It seems fairly obvious that a political system in a society needs to have a way of guaranteeing that the long term interests of the society, including the interests of future generations are taken care of and respected (intergenerational justice.) This seems to simply flow from the recognition that all other things equal we want a society to develop to the fullest of its potential, and to be structured so that future generations are not sacrificed for the present desires of existing generations.  According to some, like Burke, one way of ensuring this is through the presence of an aristocratic land-owning class. This class is tied to their estate and has a long term interest in the well-being and health of their state as they want to pass on a fine legacy to their descendants.

However, nothing like this class exists in modern liberal democracies, so what methods do liberal democracies have to ensure long term interests and intergenerational justice?
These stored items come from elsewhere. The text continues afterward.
Lemma cos_sin_periodZ x k :
  cos (x + 2*PI*IZR k) = cos x /\ sin (x + 2*PI*IZR k) = sin x.
Proof.
  assert (Hnat : forall p, IZR (Zpos p) = INR (Pos.to_nat p))
    by (intro p; rewrite INR_IZR_INZ, positive_nat_Z; auto).
  destruct k as [|p|p]; simpl.
  - rewrite Rmult_0_r, Rplus_0_r. auto.
  - rewrite (Hnat p).
    replace (2*PI*INR (Pos.to_nat p)) with (2*INR (Pos.to_nat p)*PI) by ring.
    split; [apply cos_period|apply sin_period].
  - rewrite IZR_NEG, (Hnat p). set (n := Pos.to_nat p).
    pose proof (cos_period (x - 2*INR n * PI) n) as Hc;
      pose proof (sin_period (x - 2*INR n * PI) n) as Hs.
    replace (x - 2*INR n*PI + 2*INR n*PI) with x in * by ring.
    replace (x + 2*PI* - INR n) with (x - 2*INR n*PI) by ring. auto.
Qed.

Lemma eqpt_periodZ x k : eqpt (x + 2*PI*IZR k) = eqpt x.
Proof. unfold eqpt. destruct (cos_sin_periodZ x k) as [-> ->]. auto. Qed.

Lemma eqpt_period s : eqpt (s + 2*PI) = eqpt s.
Proof. replace (s + 2*PI) with (s + 2*PI*IZR 1) by (simpl; ring). apply eqpt_periodZ. Qed.

Lemma eqpt_eq_mod w t : eqpt w = eqpt t -> exists k : Z, w = t + 2*PI*IZR k.
Proof.
  intros H. assert (Hc : cos w = cos t) by (change (px (eqpt w) = px (eqpt t)); now rewrite H).
  assert (Hs : sin w = sin t) by (change (py (eqpt w) = py (eqpt t)); now rewrite H).
  destruct (reduce_angle (w - t)) as [k Hk]. exists k.
  set (y := w - t - 2*PI*IZR k) in *.
  assert (Hy : cos y = 1).
  { replace y with ((w - t) + 2*PI*IZR (-k)) by (unfold y; rewrite opp_IZR; ring).
    rewrite (proj1 (cos_sin_periodZ _ _)), cos_minus, Hc, Hs.
    pose proof (sin2_cos2 t). unfold Rsqr in *; lra. }
  assert (Rabs y = 0).
  { rewrite <- acos_cos_abs by (apply Rabs_le; lra). rewrite Hy; apply acos_1. }
  apply Rabs_eq_0 in H0. unfold y in H0. lra.
Qed.

Lemma angle_exists p : onS1 p -> exists t, eqpt t = p.
Proof.
  intros [Hp Hz]. unfold onS2, dot in Hp. destruct p as [x y z]; simpl in *. subst z.
  assert (Hx : -1 <= x <= 1) by nra.
  assert (Hsq : sqrt (1 - x²) = Rabs y).
  { rewrite <- sqrt_Rsqr_abs. f_equal. unfold Rsqr; lra. }
  destruct (Rle_or_lt 0 y).
  - exists (acos x). unfold eqpt. rewrite cos_acos, sin_acos, Hsq, Rabs_right by lra. auto.
  - exists (- acos x). unfold eqpt.
    rewrite cos_neg, sin_neg, cos_acos, sin_acos, Hsq, Rabs_left by lra. f_equal; ring.
Qed.

Lemma angle_in_window s t0 : exists t, s <= t <= s + 2*PI /\ eqpt t = eqpt t0.
Proof.
  destruct (reduce_angle (t0 - s - PI)) as [k Hk]. exists (t0 + 2*PI*IZR (-k)).
  split; [rewrite opp_IZR; lra | apply eqpt_periodZ].
Qed.

Lemma nearest_angle u v : exists k : Z,
  Rabs (u - (v + 2*PI*IZR k)) = gdist (eqpt u) (eqpt v).
Proof.
  rewrite gdist_eqpt. destruct (reduce_angle (u - v)) as [k Hk]. exists k.
  rewrite <- acos_cos_abs by (apply Rabs_le; lra).
  replace (u - (v + 2*PI*IZR k)) with ((u - v) + 2*PI*IZR (-k)) by (rewrite opp_IZR; ring).
  now rewrite (proj1 (cos_sin_periodZ _ _)).
Qed.

(** ** Two topological criteria on the equator *)

Definition arc_connected (F : pt -> Prop) : Prop :=
  forall p q, F p -> F q -> exists a b, a <= b /\
     ((eqpt a = p /\ eqpt b = q) \/ (eqpt a = q /\ eqpt b = p)) /\
     forall u, a <= u <= b -> F (eqpt u).

(** An angular arc inside [F] cannot be separated by open sets covering [F]:
    a supremum argument on the set of angles whose initial arc lies in [U]. *)
Lemma arc_not_separated (F U V : pt -> Prop) a b :
  a <= b -> (forall u, a <= u <= b -> F (eqpt u)) ->
  sopen U -> sopen V -> (forall p, F p -> U p \/ V p) ->
  (forall p, F p -> U p -> V p -> False) ->
  U (eqpt a) -> V (eqpt b) -> False.
Proof.
  intros Hab HF HU HV Hcov Hdis Ua Vb.
  set (E := fun u => a <= u <= b /\ forall v, a <= v <= u -> U (eqpt v)).
  assert (Eb : bound E) by (exists b; intros u [h _]; lra).
  assert (Ea : E a) by (split; [lra|]; intros v hv; replace v with a by lra; auto).
  destruct (completeness E Eb (ex_intro _ a Ea)) as [c [Hc1 Hc2]].
  assert (Hac : a <= c) by (apply Hc1, Ea).
  assert (Hcb : c <= b) by (apply Hc2; intros u [h _]; lra).
  assert (below_c : forall v, a <= v < c -> U (eqpt v)).
  { intros v hv. destruct (classic (exists u, E u /\ v < u)) as [[u [[_ Hu] hu]]|Hn].
    - apply Hu; lra.
    - exfalso. assert (c <= v); [|lra]. apply Hc2. intros u Eu.
      apply Rnot_lt_le. intro h. apply Hn; eauto. }
  assert (Fc : F (eqpt c)) by (apply HF; lra).
  destruct (Hcov _ Fc) as [Uc|Vc].
  - destruct (Rle_or_lt b c) as [Hbc|Hbc].
    + replace c with b in * by lra. apply (Hdis (eqpt b)); auto.
    + destruct (HU (eqpt c) (proj1 (eqpt_onS1 c)) Uc) as [eps [Heps Heps2]].
      set (u' := Rmin b (c + eps/2)).
      assert (Hu' : c < u' <= c + eps/2) by (unfold u', Rmin; destruct Rle_dec; lra).
      assert (E u').
      { split; [unfold u', Rmin; destruct Rle_dec; lra|].
        intros v hv. destruct (Rlt_or_le v c); [apply below_c; lra|].
        apply Heps2; [apply eqpt_onS1|].
        pose proof (gdist_eqpt_le c v). rewrite Rabs_left1 in * by lra. lra. }
      assert (u' <= c) by (apply Hc1; auto). lra.
  - destruct (Rle_or_lt c a) as [Hca|Hca].
    + replace c with a in * by lra. apply (Hdis (eqpt a)); auto.
    + destruct (HV (eqpt c) (proj1 (eqpt_onS1 c)) Vc) as [eps [Heps Heps2]].
      set (u' := Rmax a (c - eps/2)).
      assert (Hu' : a <= u' < c /\ c - eps/2 <= u') by (unfold u', Rmax; destruct Rle_dec; lra).
      apply (Hdis (eqpt u')); [apply HF; lra | apply below_c; lra|].
      apply Heps2; [apply eqpt_onS1|].
      pose proof (gdist_eqpt_le c u'). rewrite Rabs_right in * by lra. lra.
Qed.

Lemma arc_connected_connected F : arc_connected F -> sconnected F.
Proof.
  intros HA [U [V [HU [HV [Hcov [Hdis [[p [Fp Up]] [q [Fq Vq]]]]]]]]].
  destruct (HA p q Fp Fq) as [a [b [Hab [[[<- <-]|[<- <-]] HF]]]].
  - exact (arc_not_separated F U V a b Hab HF HU HV Hcov Hdis Up Vq).
  - apply (arc_not_separated F V U a b Hab HF HV HU); auto.
    + intros p' Fp'; destruct (Hcov p' Fp'); auto.
    + intros p' Fp' h1 h2; eapply Hdis; eauto.
Qed.

Definition angle_closed (F : pt -> Prop) : Prop :=
  forall t, ~ F (eqpt t) ->
    exists eta, 0 < eta /\ forall s, Rabs (s - t) < eta -> ~ F (eqpt s).

(** The angles in [-PI, PI] of an angle-closed set form a compact set of
    reals: a closed subset of a compact interval. *)
Lemma angles_compact (F : pt -> Prop) :
  angle_closed F -> compact (fun t => -PI <= t <= PI /\ F (eqpt t)).
Proof.
  intros Hcl.
  apply compact_P4 with (fun t => -PI <= t <= PI); [apply compact_P3| |intros t [h _]; auto].
  intros x Hx. unfold complementary in Hx.
  destruct (Rlt_or_le x (-PI)) as [h1|h1].
  { exists (mkposreal (-PI - x) ltac:(lra)). intros y Hy. unfold disc in Hy; simpl in Hy.
    unfold complementary. intros [[h3 _] _]. apply Rabs_def2 in Hy. lra. }
  destruct (Rlt_or_le PI x) as [h2|h2].
  { exists (mkposreal (x - PI) ltac:(lra)). intros y Hy. unfold disc in Hy; simpl in Hy.
    unfold complementary. intros [[_ h3] _]. apply Rabs_def2 in Hy. lra. }
  destruct (Hcl x (fun h => Hx (conj (conj h1 h2) h))) as [eta [Heta Heta2]].
  exists (mkposreal eta Heta). intros y Hy. unfold disc in Hy; simpl in Hy.
  unfold complementary. intros [_ h]. apply (Heta2 y Hy h).
Qed.

(** A subset of the equator which is closed in the angle is compact: an open
    cover pulls back, along a choice of covering set for each angle, to an
    open cover of its compact set of angles. *)
Lemma angle_closed_compact (F : pt -> Prop) :
  (forall p, F p -> onS1 p) -> angle_closed F -> scompact F.
Proof.
  intros HS1 Hcl. split; [intros p Fp; apply HS1; auto|].
  intros I U HU Hcov.
  destruct (classic (exists p, F p)) as [[p0 Fp0]|Hemp].
  2:{ exists nil. intros p Fp; exfalso; eauto. }
  destruct (Hcov p0 Fp0) as [j0 _].
  set (T := fun t => -PI <= t <= PI /\ F (eqpt t)).
  assert (Hj : exists jf : R -> I, forall t, T t -> U (jf t) (eqpt t)).
  { assert (H : forall t, exists j, T t -> U j (eqpt t)).
    { intros t. destruct (classic (T t)) as [h|h].
      - destruct (Hcov _ (proj2 h)) as [j Hj]; eauto.
      - exists j0; tauto. }
    exists (fun t => proj1_sig (constructive_indefinite_description _ (H t))).
    intros t. exact (proj2_sig (constructive_indefinite_description _ (H t))). }
  destruct Hj as [jf Hjf].
  assert (cf : forall x, (exists y, T x /\ U (jf x) (eqpt y)) -> T x)
    by (intros x [y [h _]]; auto).
  set (fam := mkfamily T (fun x y => T x /\ U (jf x) (eqpt y)) cf).
  assert (Hco : covering_open_set T fam).
  { split.
    - intros x Tx. exists x. simpl. split; auto.
    - intros x y [Tx Uy]. destruct (HU (jf x) (eqpt y) (proj1 (eqpt_onS1 y)) Uy)
        as [eps [Heps Heps2]].
      exists (mkposreal eps Heps). intros z Hz. unfold disc in Hz; simpl in Hz. split; auto.
      apply Heps2; [apply eqpt_onS1|]. pose proof (gdist_eqpt_le y z) as Hyz.
      rewrite Rabs_minus_sym in Hyz. lra. }
  destruct (angles_compact F Hcl fam Hco) as [D [Hcv [l Hl]]].
  exists (map jf l). intros p Fp.
  destruct (angle_exists p (HS1 p Fp)) as [t0 Ht0].
  destruct (reduce_angle t0) as [k Hk].
  set (t := t0 - 2*PI*IZR k).
  assert (Ht : eqpt t = p).
  { replace t with (t0 + 2*PI*IZR (-k)) by (unfold t; rewrite opp_IZR; ring).
    now rewrite eqpt_periodZ. }
  destruct (Hcv t) as [y [[Ty Uy] Dy]]; [split; [unfold t; lra | rewrite Ht; auto]|].
  exists (jf y). split; [apply in_map, Hl; split; auto | rewrite <- Ht; auto].
Qed.

Lemma singleton_compact_connected (F : pt -> Prop) a :
  onS2 a -> F a -> (forall b, F b -> b = a) -> scompact F /\ sconnected F.
Proof.
  intros Ha Fa Hs. split.
  - split; [intros p Fp; rewrite (Hs p Fp); auto|].
    intros I U HU Hcov. destruct (Hcov a Fa) as [j Hj]. exists (j :: nil).
    intros p Fp. rewrite (Hs p Fp). exists j; split; [now left | auto].
  - intros [U [V [HU [HV [Hcov [Hdis [[p [Fp Up]] [q [Fq Vq]]]]]]]]].
    rewrite (Hs p Fp) in Up. rewrite (Hs q Fq) in Vq. exact (Hdis a Fa Up Vq).
Qed.

(** ** Chains and the pseudo-distance [dZ] *)

Section Gluing.

Variables g ginv : pt -> pt.
Hypothesis Hhomeo : circle_homeo g ginv.

Lemma Dfun_not_minfty x y : Dfun g x y <> m_infty.
Proof. unfold Dfun; destruct x, y; repeat destruct Req_EM_T; discriminate. Qed.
One method is through trying to create institutions that serve to ensure that these long term interests are safeguarded. However, I will argue that in themselves institutions are not enough to ensure long term interests and intergenerational justice whether in an aristocracy, mixed constitution or a democracy. Instead, a particular kind of culture and public ethic needs to exist that actively condemns sacrificing genuine long term interests to immediate self-interest. As such a culture will help to ensure the long term good of the society is actively maintained.

To serve long term interest and the justice of future generations some modern liberal democratic states have tried to create certain institutions to secure these goods. One such example of this is the US Senate.  In contrast to the House of Representatives in which Representatives have a two year term US Senators have a term of six years. Part of the justification of having these two bodies separate is that the House of Representatives would tend to be more dominated by the needs of political expediency as members of this body have to be extremely concerned with how they vote as their term is so short that they are likely to be punished in an election if they vote against their constituent’s avowed interests. Consequently, members of this legislative body would be more likely to simply vote in a way that got them re-elected rather than in a way that necessary served the long term interest of the community. Contrastingly according to this justification due to the fact that senators have a six year term they are more free to vote according to their best judgment about the interests of the community as their term is long enough that the senator can show their constituents that while their constituents may have initially disagreed with the senator’s actions, his or her actions are actually supportive of their interests, and the long term interest of the state.

While this justification of the US Senate is somewhat plausible, given the current state of US politics it seems that this institutional structure is not enough to secure intergenerational justice and long term interests.  Currently, in the US, at all levels of government including the Senate political expedience seems to dominate over genuine deliberation concerning long term interests. The deliberations within both the lower and upper house have become but theatrical precursors to an election in which senators strut before voters and make sure that their actions translate into electability rather than ensuring long term interests and intergenerational justice.

If the example provided by the US Senate is at all typical then it seems that institutions structured in a particular way are not enough to ensure some semblance of intergenerational justice and the safeguarding of long term interests. Even when these institutions are present we tend to see politics in modern liberal democracies dominated by political game playing that serves to ensure an official is re-elected rather than that long term interests are taken care of.

One element that can ameliorate this problem in modern liberal democracies is a culture and public ethic that condemns political activity that puts immediate self-interest ahead of the pursuit of long term interests and intergenerational justice. The trouble with modern liberal democracies is not just that institutions are not perfectly setup but that as a whole we have come to accept the unabashed pursuit of self-interest within the bounds of law as legitimate. Just as we do not condemn someone for leaving a company at a challenging time for that company because they have received a tempting job offer, so to in politics we do not condemn voters, or politicians for pursuing their immediate self-interest at the expense of long term interests and intergenerational justice. There is a mild distaste for the crass pursuit of self-interest by politicians, but by and large we do not condemn them and view these agents as having violated some important principle. Instead we see it as the norm for politicians to act this way, and while this norm may bother us we are resigned to accept it as natural.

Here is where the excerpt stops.